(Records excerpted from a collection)
···
Lemma opmulE M N B : (size_bound M <= B)%N -> (size_bound N <= B)%N ->
  opmul dx dy M N = \sum_(i < B) \sum_(j < B) \sum_(p < B) \sum_(q < B)
    leibniz (opcoef M i j) (opcoef N p q) i j p q.
Proof.
move=> le_MB le_NB; rewrite opmul_leibniz (sum_opcoef_widen (G := fun i j =>
  \sum_(p < size N) \sum_(q < size N`_p) leibniz (opcoef M i j) (opcoef N p q) i j p q) le_MB).
  apply: eq_bigr => i _; apply: eq_bigr => j _.
  apply: (sum_opcoef_widen (G := fun p q => leibniz _ (opcoef N p q) i j p q) le_NB).
  by move=> p q ->; apply: leibniz0r.
by move=> i j ->; rewrite big1 // => p _; rewrite big1 // => q _; apply: leibniz0l.
Qed.

Lemma opmulDl M1 M2 N : opmul dx dy (M1 + M2) N = opmul dx dy M1 N + opmul dx dy M2 N.
Proof.
pose B := (size_bound M1 + size_bound M2 + size_bound (M1 + M2)%R + size_bound N)%N.
rewrite !(opmulE (B := B)); try (rewrite /B; lia).
rewrite -big_split; apply: eq_bigr => i _; rewrite -big_split; apply: eq_bigr => j _.
rewrite -big_split; apply: eq_bigr => p _; rewrite -big_split; apply: eq_bigr => q _.
by rewrite opcoefD leibnizDl.
Qed.

Lemma opmulDr M N1 N2 : opmul dx dy M (N1 + N2) = opmul dx dy M N1 + opmul dx dy M N2.
Proof.
pose B := (size_bound M + size_bound N1 + size_bound N2 + size_bound (N1 + N2)%R)%N.
rewrite !(opmulE (B := B)); try (rewrite /B; lia).
rewrite -big_split; apply: eq_bigr => i _; rewrite -big_split; apply: eq_bigr => j _.
rewrite -big_split; apply: eq_bigr => p _; rewrite -big_split; apply: eq_bigr => q _.
by rewrite opcoefD leibnizDr.
Qed.

Lemma opmul_mono a b i j p q :
  opmul dx dy (mono a i j) (mono b p q) = leibniz a b i j p q.
Proof.
pose B := (size_bound (mono a i j) + size_bound (mono b p q) + i + j + p + q).+1.
rewrite (opmulE (B := B)); try (rewrite /B; lia).
transitivity (\sum_(i' < B) \sum_(j' < B | true) if (i == i') && (j == j') then
    \sum_(p' < B) \sum_(q' < B | true)
      (if (p == p') && (q == q') then leibniz a b i' j' p' q' else 0) else 0).
  apply: eq_bigr => i' _; apply: eq_bigr => j' _.
  rewrite opcoef_mono (eq_sym (i' : nat)) (eq_sym (j' : nat)); case: ifP => _; last first.
    by rewrite big1 // => p' _; rewrite big1 // => q' _; rewrite leibniz0l.
  apply: eq_bigr => p' _; apply: eq_bigr => q' _.
  by rewrite opcoef_mono (eq_sym (p' : nat)) (eq_sym (q' : nat)); case: ifP; rewrite ?leibniz0r.
rewrite (@sum2_delta _ B (fun=> B) (fun _ _ => true) (fun i' j' => \sum_(p' < B)
  \sum_(q' < B | true) (if (p == p') && (q == q') then leibniz a b i' j' p' q' else 0))).
rewrite (@sum2_delta _ B (fun=> B) (fun _ _ => true) (fun p' q' => leibniz a b i j p' q')).
by have [-> -> -> ->] : [/\ i < B, j < B, p < B & q < B]%N by rewrite /B; split; lia.
Qed.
···
### PROBLEM TO SOLVE:
Would you repeat each of the lines above exactly?

### TASK OUTPUT:
Lemma opmulE M N B : (size_bound M <= B)%N -> (size_bound N <= B)%N ->
  opmul dx dy M N = \sum_(i < B) \sum_(j < B) \sum_(p < B) \sum_(q < B)
    leibniz (opcoef M i j) (opcoef N p q) i j p q.
Proof.
move=> le_MB le_NB; rewrite opmul_leibniz (sum_opcoef_widen (G := fun i j =>
  \sum_(p < size N) \sum_(q < size N`_p) leibniz (opcoef M i j) (opcoef N p q) i j p q) le_MB).
  apply: eq_bigr => i _; apply: eq_bigr => j _.
  apply: (sum_opcoef_widen (G := fun p q => leibniz _ (opcoef N p q) i j p q) le_NB).
  by move=> p q ->; apply: leibniz0r.
by move=> i j ->; rewrite big1 // => p _; rewrite big1 // => q _; apply: leibniz0l.
Qed.

Lemma opmulDl M1 M2 N : opmul dx dy (M1 + M2) N = opmul dx dy M1 N + opmul dx dy M2 N.
Proof.
pose B := (size_bound M1 + size_bound M2 + size_bound (M1 + M2)%R + size_bound N)%N.
rewrite !(opmulE (B := B)); try (rewrite /B; lia).
rewrite -big_split; apply: eq_bigr => i _; rewrite -big_split; apply: eq_bigr => j _.
rewrite -big_split; apply: eq_bigr => p _; rewrite -big_split; apply: eq_bigr => q _.
by rewrite opcoefD leibnizDl.
Qed.

Lemma opmulDr M N1 N2 : opmul dx dy M (N1 + N2) = opmul dx dy M N1 + opmul dx dy M N2.
Proof.
pose B := (size_bound M + size_bound N1 + size_bound N2 + size_bound (N1 + N2)%R)%N.
rewrite !(opmulE (B := B)); try (rewrite /B; lia).
rewrite -big_split; apply: eq_bigr => i _; rewrite -big_split; apply: eq_bigr => j _.
rewrite -big_split; apply: eq_bigr => p _; rewrite -big_split; apply: eq_bigr => q _.
by rewrite opcoefD leibnizDr.
Qed.

Lemma opmul_mono a b i j p q :
  opmul dx dy (mono a i j) (mono b p q) = leibniz a b i j p q.
Proof.
pose B := (size_bound (mono a i j) + size_bound (mono b p q) + i + j + p + q).+1.
rewrite (opmulE (B := B)); try (rewrite /B; lia).
transitivity (\sum_(i' < B) \sum_(j' < B | true) if (i == i') && (j == j') then
    \sum_(p' < B) \sum_(q' < B | true)
      (if (p == p') && (q == q') then leibniz a b i' j' p' q' else 0) else 0).
  apply: eq_bigr => i' _; apply: eq_bigr => j' _.
  rewrite opcoef_mono (eq_sym (i' : nat)) (eq_sym (j' : nat)); case: ifP => _; last first.
    by rewrite big1 // => p' _; rewrite big1 // => q' _; rewrite leibniz0l.
  apply: eq_bigr => p' _; apply: eq_bigr => q' _.
  by rewrite opcoef_mono (eq_sym (p' : nat)) (eq_sym (q' : nat)); case: ifP; rewrite ?leibniz0r.
rewrite (@sum2_delta _ B (fun=> B) (fun _ _ => true) (fun i' j' => \sum_(p' < B)
  \sum_(q' < B | true) (if (p == p') && (q == q') then leibniz a b i' j' p' q' else 0))).
rewrite (@sum2_delta _ B (fun=> B) (fun _ _ => true) (fun p' q' => leibniz a b i j p' q')).
by have [-> -> -> ->] : [/\ i < B, j < B, p < B & q < B]%N by rewrite /B; split; lia.
Qed.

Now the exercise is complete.